Members of the executive committee and of any such other committees shall be
designated annually at the annual meeting of the Board of Directors; provided,
however, that at any time the Board of Directors may abolish or reconstitute the
executive committee or any other committee. Each member of the executive
committee and of any other committee shall hold office until his or her
successor shall have been designated or until his or her resignation or removal
in the manner provided in these Bylaws.
Section 7.02 Powers. During the intervals between meetings of the Board of
Directors, the executive committee shall have and may exercise all powers of the
Board of Directors in the management of the business and affairs of the
corporation, except for the power to fill vacancies in the Board of Directors or
to amend these Bylaws, and except for such powers as by law may not be delegated
by the Board of Directors to an executive committee.
Section 7.03 Proceedings. The executive committee, and such other
committees as may be designated hereunder by the Board of Directors, may fix its
own presiding and recording officer or officers, and may meet at such place or
places, at such time or times and on such notice (or without notice) as it shall
determine from time to time. It will keep a record of its proceedings and shall
report such proceedings to the Board of Directors at the meeting of the Board of
Directors next following.
<PAGE>
Section 7.04 Quorum and Manner of Acting. At all meetings of the executive
committee, and of such other committees as may be designated hereunder by the
Board of Directors, the presence of members constituting a majority of the total
authorized membership of the committee shall be necessary and sufficient to
constitute a quorum for the transaction of business, and the act of a majority
of the members present at any meeting at which a quorum is present shall be the
act of such committee. The members of the executive committee, and of such other
committees as may be designated hereunder by the Board of Directors, shall act
only as a committee and the individual members thereof shall have not powers as
such.
Section 7.05 Resignations.
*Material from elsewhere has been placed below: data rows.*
(* Let $\langle\mathcal{D},\sigma,\varphi\rangle$ be a hybrid temporal achievement causal setting. Then $$\mathcal{D}\models\mathit{AchvSit}(s_\varphi,\varphi,\sigma)\land\sigma<s^*\land\big(\forall s',t.\;\sigma\le s'\le s^*\land\mathit{start}(s')\le t\le\mathit{end}(s',s^* )\supset\varphi[t,s']\big)\supset\mathit{AchvSit}(s_\varphi,\varphi,s^* )$$ (free variables $s_\varphi,s^*$ universally quantified).
   Context: Hybrid temporal situation calculus (HTSC): $S_0$ initial situation, $do(a,s)$ successor situation, $do([a_1,\dots,a_n],s)$ the nesting. $s\sqsubset s'$: $s'$ reachable from $s$ by one or more actions; $s\sqsubseteq s'$: $s\sqsubset s'\lor s=s'$. $\mathit{time}(a(\vec x,t))=t$, $\mathit{start}(do(a,s))=\mathit{time}(a)$. $\mathit{Exec}(s)\doteq\forall a,s'.(do(a,s')\sqsubseteq s\supset\mathit{Poss}(a,s')\land\mathit{start}(s')\le\mathit{time}(a))$; $s<s'$ abbreviates $s\sqsubset s'\land\mathit{Exec}(s')$; $s\le s'$ abbreviates $s<s'\lor s=s'$. A hybrid basic action theory $\mathcal{D}$ contains initial-state, precondition, successor-state (discrete fluents), state evolution (temporal fluents), unique-names and foundational axioms; each temporal fluent $f$ has a state evolution axiom $f(\vec x,t,s)=y\equiv[\bigvee_i(\gamma^f_i(\vec x,s)\land\delta_i(\vec x,y,t,s))\lor(y=f(\vec x,\mathit{start}(s),s)\land\neg\bigvee_i\gamma^f_i(\vec x,s))]$ with mutually exclusive contexts $\gamma^f_i$. An effect $\varphi$ is a situation- and time-suppressed formula, uniform in the situation, constraining the value of a single primitive temporal fluent $f$; $\varphi[t,s]$ restores time $t$ and situation $s$. $\mathit{end}(s',s)=\mathit{start}(s')$ if $s'=s$; $=\mathit{time}(a)$ if $do(a,s')\le s$. $\mathit{AchvSitAux}(s_\varphi,\varphi,s)\doteq\varphi[\mathit{end}(s_\varphi,s),s_\varphi]\land\forall s',t.(s_\varphi<s'\le s\land\mathit{start}(s')\le t\le\mathit{end}(s',s)\supset\varphi[t,s'])$; $\mathit{AchvSit}(s_\varphi,\varphi,s)\doteq\mathit{AchvSitAux}(s_\varphi,\varphi,s)\land\neg\exists s''.(s''<s_\varphi\land\mathit{AchvSitAux}(s'',\varphi,s))$. Hybrid temporal achievement causal setting $\langle\mathcal{D},\sigma,\varphi\rangle$: $\sigma=do([\alpha_1,\dots,\alpha_n],S_0)$ ground, $n\ge1$, and $\mathcal{D}\models\mathit{Exec}(\sigma)\land\neg\varphi[\mathit{start}(S_0),S_0]\land\neg\varphi[\mathit{time}(\alpha_1),S_0]\land\varphi[\mathit{start}(\sigma),\sigma]$. *)

From Stdlib Require Import Reals List.
Open Scope R_scope.
Set Implicit Arguments.

(* The part of a model of a hybrid basic action theory D that the statement
   talks about.  The situation sort is the standard model of the foundational
   axioms: situations are finite sequences of actions (most recent first),
   S0 = nil, do(a,s) = a :: s.  Actions form an abstract sort with a time
   function; Poss is arbitrary (precondition axioms); start0 = start(S0). *)
Record frame := Frame {
  act : Type;
  time : act -> R;
  Poss : act -> list act -> Prop;
  start0 : R }.

Definition sit (M : frame) := list (act M).
Definition S0 {M : frame} : sit M := nil.
Definition do_ {M : frame} (a : act M) (s : sit M) : sit M := a :: s.

Fixpoint do_seq {M : frame} (l : list (act M)) (s : sit M) : sit M :=
  match l with nil => s | a :: l' => do_seq l' (do_ a s) end.

Definition start {M : frame} (s : sit M) : R :=
  match s with nil => start0 M | a :: _ => time M a end.

Definition sub {M : frame} (s s' : sit M) : Prop :=
  exists l, l <> nil /\ s' = l ++ s.
Definition subeq {M : frame} (s s' : sit M) : Prop := sub s s' \/ s = s'.

Definition Exec {M : frame} (s : sit M) : Prop :=
  forall a s', subeq (do_ a s') s -> Poss M a s' /\ start s' <= time M a.

Definition slt {M : frame} (s s' : sit M) : Prop := sub s s' /\ Exec s'.
Definition sle {M : frame} (s s' : sit M) : Prop := slt s s' \/ s = s'.

(* end(s',s) = t, as a (partial, functional) relation:
   start(s') if s' = s; time(a) if do(a,s') <= s. *)
Definition End_ {M : frame} (s' s : sit M) (t : R) : Prop :=
  (s' = s /\ t = start s') \/ (exists a, sle (do_ a s') s /\ t = time M a).

Definition AchvSitAux {M : frame} (phi : R -> sit M -> Prop) (sphi s : sit M) : Prop :=
  (exists e, End_ sphi s e /\ phi e sphi) /\
  (forall s' t, slt sphi s' -> sle s' s ->
     forall e, End_ s' s e -> start s' <= t <= e -> phi t s').

Definition AchvSit {M : frame} (phi : R -> sit M -> Prop) (sphi s : sit M) : Prop :=
  AchvSitAux phi sphi s /\ ~ (exists s'', slt s'' sphi /\ AchvSitAux phi s'' s).

Definition state_evolution {M : frame} {V : Type} (f : R -> sit M -> V) : Prop :=
  exists (n : nat) (gamma : nat -> sit M -> Prop) (delta : nat -> V -> R -> sit M -> Prop),
    (forall i j s, (i < n)%nat -> (j < n)%nat -> gamma i s -> gamma j s -> i = j) /\
    (forall t s y, f t s = y <->
       ((exists i, (i < n)%nat /\ gamma i s /\ delta i y t s) \/
        (y = f (start s) s /\ ~ (exists i, (i < n)%nat /\ gamma i s)))).

(* Hybrid temporal achievement causal setting <D, sigma, phi>, with
   sigma = do([a1 :: alphas], S0) (so n >= 1) and phi[t,s] = Phi(f(t,s)). *)
Definition causal_setting {M : frame} (phi : R -> sit M -> Prop)
    (a1 : act M) (alphas : list (act M)) : Prop :=
  let sigma := do_seq (a1 :: alphas) S0 in
  Exec sigma /\ ~ phi (start (@S0 M)) S0 /\ ~ phi (time M a1) S0 /\
  phi (start sigma) sigma.

(* For a situation s' strictly before sigma, end(s', .) is the time of the
   action that follows s' on the path to sigma; this action is the same on
   the path to any executable extension s* of sigma, so end(s', sigma) and
   end(s', s* ) coincide.  Hence the persistence conditions of AchvSitAux
   relative to sigma and relative to s* differ only on the situations between
   sigma and s*, which the extra hypothesis covers, and at the single point
   (start sigma, sigma), which the causal setting covers.  This transfers both
   the achievement condition for s_phi and its minimality from sigma to s*. *)

From Stdlib Require Import Reals List Lia.
Open Scope R_scope.
Set Implicit Arguments.

Section SituationOrder.

Context {M : frame}.
Implicit Types x y z : sit M.

Lemma subeq_app x y : subeq x y <-> exists l, y = l ++ x.
Proof.
  split.
  - intros [[l [_ Hy]] | <-]; [now exists l | now exists nil].
  - intros [[| b l] Hy]; [now right | left].
    exists (b :: l); split; [discriminate | exact Hy].
Qed.

Lemma sub_length x y : sub x y -> (length x < length y)%nat.
Proof.
  intros [[| b l] [Hl ->]]; [congruence | simpl; rewrite length_app; lia].
Qed.

Lemma subeq_length x y : subeq x y -> (length x <= length y)%nat.
Proof. intros [l ->]%subeq_app; rewrite length_app; lia. Qed.

Lemma sub_subeq_asym x y : sub x y -> ~ subeq y x.
Proof. intros Hxy Hyx; apply sub_length in Hxy; apply subeq_length in Hyx; lia. Qed.

Lemma subeq_refl x : subeq x x.
Proof. now right. Qed.

Lemma sub_subeq x y : sub x y -> subeq x y.
Proof. now left. Qed.

Lemma subeq_cons a x : subeq x (a :: x).
Proof. apply subeq_app; now exists (a :: nil). Qed.

Lemma subeq_trans x y z : subeq x y -> subeq y z -> subeq x z.
Proof.
  rewrite !subeq_app; intros [l1 ->] [l2 ->].
  exists (l2 ++ l1); now rewrite app_assoc.
Qed.

Lemma sub_subeq_trans x y z : sub x y -> subeq y z -> sub x z.
Proof.
  intros Hxy Hyz; destruct Hyz as [Hyz | <-]; [| exact Hxy].
  destruct Hxy as [l1 [Hl1 ->]], Hyz as [l2 [Hl2 ->]].
  exists (l2 ++ l1); split; [now destruct l2 | now rewrite app_assoc].
Qed.

Lemma subeq_total x y z : subeq x z -> subeq y z -> subeq x y \/ sub y x.
Proof.
  rewrite !subeq_app; intros [l1 ->] [l2 Hz].
  apply app_eq_app in Hz as [l [[-> Hy] | [-> Hx]]].
  - left; now exists l.
  - destruct l as [| b l]; [left; exists nil; auto | right].
    exists (b :: l); split; [discriminate | exact Hx].
Qed.

Lemma sub_cons_subeq x y : sub x y -> exists a, subeq (a :: x) y.
Proof.
  intros [l [Hl ->]]; destruct (exists_last Hl) as [l' [a ->]].
  exists a; apply subeq_app; exists l'; now rewrite <- app_assoc.
Qed.

Lemma cons_subeq_of_sub a x y z :
  sub x y -> subeq y z -> subeq (a :: x) z -> subeq (a :: x) y.
Proof.
  intros Hxy Hyz Haz; destruct (subeq_total Haz Hyz) as [Hay | Hya]; [exact Hay |].
  apply sub_length in Hxy; apply sub_length in Hya; simpl in Hya; lia.
Qed.

Lemma Exec_subeq x y : Exec y -> subeq x y -> Exec x.
Proof. intros Hy Hxy a s' Hs'; apply Hy; eapply subeq_trans; eauto. Qed.

Lemma sle_subeq x y : sle x y -> subeq x y.
Proof. intros [[Hxy _] | <-]; [now left | now right]. Qed.

Lemma slt_sle x y : slt x y -> sle x y.
Proof. now left. Qed.

Lemma sle_of_subeq x y : subeq x y -> Exec y -> sle x y.
Proof. intros [Hxy | <-] Hy; [left; now split | now right]. Qed.

Lemma sle_trans x y z : sle x y -> sle y z -> sle x z.
Proof.
  intros Hxy [[Hyz Hz] | <-]; [| exact Hxy].
  apply sle_of_subeq; [| exact Hz].
  eapply subeq_trans; [apply sle_subeq, Hxy | now left].
Qed.

End SituationOrder.

Section EndOfSituation.

Context {M : frame}.
Implicit Types x y z : sit M.

Lemma End_subeq x y e : End_ x y e -> subeq x y.
Proof.
  intros [[-> _] | [a [Hay _]]]; [apply subeq_refl |].
  eapply subeq_trans; [apply subeq_cons | apply sle_subeq, Hay].
Qed.

Lemma End_self x e : End_ x x e -> e = start x.
Proof.
  intros [[_ He] | [a [Hax _]]]; [exact He | exfalso].
  apply sle_subeq, subeq_length in Hax; simpl in Hax; lia.
Qed.

Lemma End_sle x y : sle x y -> exists e, End_ x y e /\ start x <= e.
Proof.
  intros [[Hxy Hy] | <-]; [| exists (start x); split; [left | apply Rle_refl]; auto].
  destruct (sub_cons_subeq Hxy) as [a Hay].
  exists (time M a); split.
  - right; exists a; split; [now apply sle_of_subeq | reflexivity].
  - exact (proj2 (Hy a x Hay)).
Qed.

Lemma End_extend x y z e : sub x y -> sle y z -> End_ x y e -> End_ x z e.
Proof.
  intros Hxy Hyz [[-> _] | [a [Hay ->]]].
  - exfalso; now apply (sub_subeq_asym Hxy), subeq_refl.
  - right; exists a; split; [eapply sle_trans; eauto | reflexivity].
Qed.

Lemma End_restrict x y z e :
  sub x y -> Exec y -> subeq y z -> End_ x z e -> End_ x y e.
Proof.
  intros Hxy Hy Hyz [[-> _] | [a [Haz ->]]].
  - exfalso; now apply (sub_subeq_asym (sub_subeq_trans Hxy Hyz)), subeq_refl.
  - right; exists a; split; [| reflexivity].
    apply sle_of_subeq; [| exact Hy].
    exact (cons_subeq_of_sub Hxy Hyz (sle_subeq Haz)).
Qed.

End EndOfSituation.

Section Extension.

Context {M : frame}.
Variable phi : R -> sit M -> Prop.
Variables sigma sstar : sit M.
Hypothesis sigma_lt_sstar : slt sigma sstar.
Hypothesis phi_between : forall s' t, sle sigma s' -> sle s' sstar ->
  forall e, End_ s' sstar e -> start s' <= t <= e -> phi t s'.

Let Exec_sigma : Exec sigma.
Proof.
  destruct sigma_lt_sstar as [Hsub Hexec]; exact (Exec_subeq Hexec (sub_subeq Hsub)).
Qed.

Lemma AchvSitAux_extend sphi : AchvSitAux phi sphi sigma -> AchvSitAux phi sphi sstar.
Proof.
  destruct sigma_lt_sstar as [Hsub Hexec].
  intros [[e [Hend He]] Hpersist]; split.
  - destruct (End_subeq Hend) as [Hphi | <-].
    + exists e; split; [eapply End_extend; eauto using slt_sle | exact He].
    + destruct (End_sle (slt_sle sigma_lt_sstar)) as [e' [Hend' He']].
      exists e'; split; [exact Hend' |].
      apply (phi_between (t := e') (or_intror eq_refl) (slt_sle sigma_lt_sstar) Hend').
      split; [exact He' | apply Rle_refl].
  - intros s' t Hphi_s' Hs'_sstar e' Hend' Ht.
    destruct (subeq_total (sle_subeq Hs'_sstar) (sub_subeq Hsub))
      as [[Hs'_sigma | <-] | Hsigma_s'].
    + apply (Hpersist s' t Hphi_s' (sle_of_subeq (sub_subeq Hs'_sigma) Exec_sigma) e');
        [exact (End_restrict Hs'_sigma Exec_sigma (sub_subeq Hsub) Hend') | exact Ht].
    + eapply phi_between; eauto; now right.
    + eapply phi_between; eauto.
      left; split; [exact Hsigma_s' | eapply Exec_subeq; eauto using sle_subeq].
Qed.

Hypothesis phi_start_sigma : phi (start sigma) sigma.

Lemma AchvSitAux_restrict s'' :
  sub s'' sigma -> AchvSitAux phi s'' sstar -> AchvSitAux phi s'' sigma.
Proof.
  destruct sigma_lt_sstar as [Hsub Hexec].
  intros Hs''_sigma [[e [Hend He]] Hpersist]; split.
  - exists e; split; [eapply End_restrict; eauto using sub_subeq | exact He].
  - intros s' t Hs''_s' Hs'_sigma e' Hend' Ht.
    destruct (sle_subeq Hs'_sigma) as [Hs'_sub | <-].
    + apply (Hpersist s' t Hs''_s' (sle_trans Hs'_sigma (slt_sle sigma_lt_sstar)) e');
        [eapply End_extend; eauto using slt_sle | exact Ht].
    + apply End_self in Hend' as ->.
      replace t with (start s') by (apply Rle_antisym; apply Ht).
      exact phi_start_sigma.
Qed.

Lemma AchvSit_extend sphi : AchvSit phi sphi sigma -> AchvSit phi sphi sstar.
Proof.
  intros [Hachv Hmin]; split; [now apply AchvSitAux_extend |].
  intros [s'' [Hs''_sphi Hachv'']]; apply Hmin; exists s''; split; [exact Hs''_sphi |].
  apply AchvSitAux_restrict; [| exact Hachv''].
  destruct Hachv as [[e [Hend _]] _].
  exact (sub_subeq_trans (proj1 Hs''_sphi) (End_subeq Hend)).
Qed.

End Extension.

Theorem lemma5p5 (M : frame) (V : Type) (f : R -> sit M -> V) (Phi : V -> Prop)
    (a1 : act M) (alphas : list (act M)) :
  state_evolution f ->
  causal_setting (fun t s => Phi (f t s)) a1 alphas ->
  forall sphi sstar : sit M,
    AchvSit (fun t s => Phi (f t s)) sphi (do_seq (a1 :: alphas) S0) ->
    slt (do_seq (a1 :: alphas) S0) sstar ->
    (forall s' t, sle (do_seq (a1 :: alphas) S0) s' -> sle s' sstar ->
       forall e, End_ s' sstar e -> start s' <= t <= e -> Phi (f t s')) ->
    AchvSit (fun t s => Phi (f t s)) sphi sstar.
Proof.
  intros _ [_ [_ [_ Hphi_sigma]]] sphi sstar Hachv Hlt Hbetween.
  exact (AchvSit_extend Hlt Hbetween Hphi_sigma Hachv).
Qed.
(* Let $\mathcal{T}$ be an MPQ-tree of an interval graph $G=(V,E)$, let $(x,y)\in E$ with $x$ over $y$ and $node(x)\neq node(y)$, and suppose the $\langle x,y\rangle$-tree-path is almost rotable and starts in a central section $S_a$ of the Q-node $node(x)$, whose sections are $S_1,\dots,S_k$. Suppose $y$ has no neighbour in $V_a\setminus\{y\}$ (the vertex set of the subtree $T_a$), and at least one of the following holds: (1) there is $b$ with $1<b\le l(x)$ such that $S_a\setminus\{x\}\subseteq S_b$ and $S_{b-1}\cap S_b\subseteq S_a$; (2) there is $b$ with $r(x)\le b<k$ such that $S_a\setminus\{x\}\subseteq S_b$ and $S_b\cap S_{b+1}\subseteq S_a$; (3) $S_a\setminus\{x\}\subseteq S_1$; (4) $S_a\setminus\{x\}\subseteq S_k$. Then $(x,y)$ is an interval edge.
   Context: Graphs are finite and simple; for $G=(V,E)$ and $e\in E$, $G-e=(V,E\setminus\{e\})$. An edge $(x,y)\in E$ of an interval graph $G$ is an interval edge if $G-(x,y)$ is an interval graph. An MPQ-tree of an interval graph $G=(V,E)$, $V=\{1,\dots,n\}$, is a rooted plane tree whose nodes are P-nodes and Q-nodes. Each P-node carries a (possibly empty) set of vertices. A Q-node has $k\ge 3$ ordered positions $1,\dots,k$; position $i$ carries a set $S_i\subseteq V$ (the $i$-th section) and a child subtree $T_i$, which may be empty. Every vertex $v$ is assigned to exactly one node $node(v)$: either $v$ lies in the set of the P-node $node(v)$, or $node(v)$ is a Q-node and $v$ lies exactly in the sections $S_{l(v)},\dots,S_{r(v)}$ of it, with $l(v)<r(v)$. For a node with child subtrees $T_1,\dots,T_k$, $V_i$ denotes the set of vertices assigned to nodes of $T_i$ ($V_i=\emptyset$ if $T_i$ is empty). The maximal cliques of $G$ are in bijection with the descending paths from the root which at a P-node continue into one of its children (stopping if there is none) and at a Q-node choose a position $i$ and continue into $T_i$ (stopping if $T_i$ is empty); the clique is the union of the sets of the visited P-nodes and the chosen sections. Reading these cliques left to right gives a linear order of the maximal cliques, and the orders obtained this way after arbitrarily permuting children of P-nodes and reversing the positions of Q-nodes are exactly the orders of the maximal cliques of $G$ in which the cliques containing any fixed vertex are consecutive. Moreover, for every Q-node with sections $S_1,\dots,S_k$: (a) $V_1\neq\emptyset$ and $V_k\ne\emptyset$; (b) $S_1\subseteq S_2$ and $S_k\subseteq S_{k-1}$; (c) $S_{i-1}\cap S_i\neq\emptyset$ for $2\le i\le k$; (d) $S_{i-1}\neq S_i$ for $2\le i\le k$; (e) $(S_i\cap S_{i+1})\setminus S_1\neq\emptyset$ and $(S_{i-1}\cap S_i)\setminus S_k\neq\emptyset$ for $2\le i\le k-1$; (f) $(S_{i-1}\cup V_{i-1})\setminus S_i\neq\emptyset$ and $(S_i\cup V_i)\setminus S_{i-1}\neq\emptyset$ for $2\le i\le k$; and further (g) no empty P-node has an empty P-node as its parent, (h) no P-node has exactly one child whose root is a P-node, (i) every child subtree of a P-node is nonempty. We say $x$ is over $y$ if $node(x)$ is the lowest common ancestor of $node(x)$ and $node(y)$ in $\mathcal{T}$. For $x$ over $y$ with $node(x)\ne node(y)$, the $\langle x,y\rangle$-tree-path is the tree path $node(x)=n_1,n_2,\dots,n_t=node(y)$. For a Q-node with sections $S_1,\dots,S_k$, section $S_a$ is central if $1<a<k$, and for a vertex $v$ of that Q-node it is $v$-central if $l(v)<a<r(v)$ and $v$-non-central if $a\in\{l(v),r(v)\}$. The path goes through a central section if for some $1<i<t$, $n_i$ is a Q-node and $n_{i+1}$ lies in the subtree $T_a$ of a central section $S_a$ of $n_i$. The path starts in a central (resp. non-central) section $S_a$ if $n_1$ is a Q-node and $n_2$ lies in the subtree $T_a$ where $S_a$ is an $x$-central (resp. $x$-non-central) section of $n_1$. It starts in a P-node if $n_1$ is a P-node, and ends in a P-node (resp. Q-node) if $n_t$ is a P-node (resp. Q-node). The path is almost rotable if it does not go through a central section and $n_t$ is a P-node that is a leaf of $\mathcal{T}$; it is rotable if it is almost rotable and it either starts in a P-node or starts in a non-central section. *)

From HB Require Import structures.
From mathcomp Require Import all_boot.
Set Implicit Arguments. Unset Strict Implicit. Unset Printing Implicit Defensive.
Definition connectedb (S : subg) : bool :=
  (S.1 != set0) && [forall x in S.1, forall y in S.1, connect (adj_in S) x y].

Definition lsum (l : E -> R) (s : seq E) : R := foldr Rplus 0%R (map l s).
Definition glength (l : E -> R) (S : subg) : R := lsum l (enum S.2).

Definition omin (a b : option R) : option R :=
  match a, b with
  | None, _ => b
  | _, None => a
  | Some x, Some y => Some (Rmin x y)
  end.

(* Steiner distance: minimum length of a connected subgraph containing A;
   None encodes infinity. *)
Definition sd (l : E -> R) (A : {set V}) : option R :=
  foldr (fun S acc => omin (Some (glength l S)) acc) None
    [seq S <- enum {: {set V} * {set E}} |
       [&& is_subg S, connectedb S & A \subset S.1]].

Definition length_fun (l : E -> R) : Prop := forall e, (0 < l e)%R.

Definition induced (B : {set V}) : subg :=
  (B, [set e | ((gends e).1 \in B) && ((gends e).2 \in B)]).
End GraphDefs.

Definition embedding (H G : graph) (fV : gV H -> gV G) (fE : gE H -> gE G) : Prop :=
  injective fV /\ injective fE /\
  forall e, joins (fE e) (fV (gends e).1) (fV (gends e).2).

Definition k_geodesic (k : nat) (H G : graph) (fV : gV H -> gV G)
    (fE : gE H -> gE G) (l : gE G -> R) : Prop :=
  forall A : {set gV H}, #|A| <= k ->
    sd (fun e => l (fE e)) A = sd l (fV @: A).

Definition fully_geodesic (H G : graph) (fV : gV H -> gV G)
    (fE : gE H -> gE G) (l : gE G -> R) : Prop :=
  forall A : {set gV H}, sd (fun e => l (fE e)) A = sd l (fV @: A).

Definition in_Hk (k : nat) (H : graph) : Prop :=
  forall (G : graph) (fV : gV H -> gV G) (fE : gE H -> gE G) (l : gE G -> R),
    embedding fV fE -> length_fun l ->
    k_geodesic k fV fE l -> fully_geodesic fV fE l.

Definition minor (G H : graph) : Prop :=
  exists (B : gV G -> {set gV H}) (fE : gE G -> gE H),
    (forall v, connectedb (induced (B v))) /\
    (forall u v, u != v -> [disjoint B u & B v]) /\
    injective fE /\
    (forall e, exists x y, [/\ x \in B (gends e).1, y \in B (gends e).2
                              & joins (fE e) x y]).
Any member of the executive committee, and of
such other committees as may be designated hereunder by the Board of Directors,
may resign at any time by delivering a written resignation to either the
president, the secretary, or assistant secretary, or to the presiding officer of
the committee of which he or she is a member, if any shall have been appointed
and shall be in office. Unless otherwise specified herein, such resignation
shall take effect on delivery.
Section 7.06 Removal. The Board of Directors may at any time remove any
member of the executive committee or of any other committee designated by it
hereunder either for or without cause.
Section 7.07 Vacancies. If any vacancies shall occur in the executive
committee or any other committee designated by the Board of Directors hereunder,
by reason of disqualification, death, resignation, removal, or otherwise, the
remaining members shall, until the filling of such vacancy, constitute the then
total authorized membership of the committee and, provided that two or more
members are remaining, continue to act. Such vacancy may be filled at any
meeting of the Board of Directors.
Section 7.07 Compensation. The Board of Directors may allow a fixed sum and
expenses of attendance to any member of the executive committee, or of any other
committee designated by it hereunder, who is not an active salaried employee of
the corporation for attendance at each meeting of said committee.
<PAGE>
ARTICLE VIII
INDEMNIFICATION, INSURANCE, AND
OFFICER AND DIRECTOR CONTRACTS
Section 8.01 Indemnification: Third Party Actions. The corporation shall
have the power to indemnify any person who was or is a party or is threatened to
be made a party to any threatened, pending, or completed action, or suit by or
in the right of the corporation to procure a judgement in its favor by reason of
the fact that he or she is or was a director, officer, employee, or agent of the
corporation, or is or was serving at the request of the corporation as a
director, officer, employee, or agent of another corporation, partnership, joint
venture, trust or other enterprise, against expenses (including attorneys' fees)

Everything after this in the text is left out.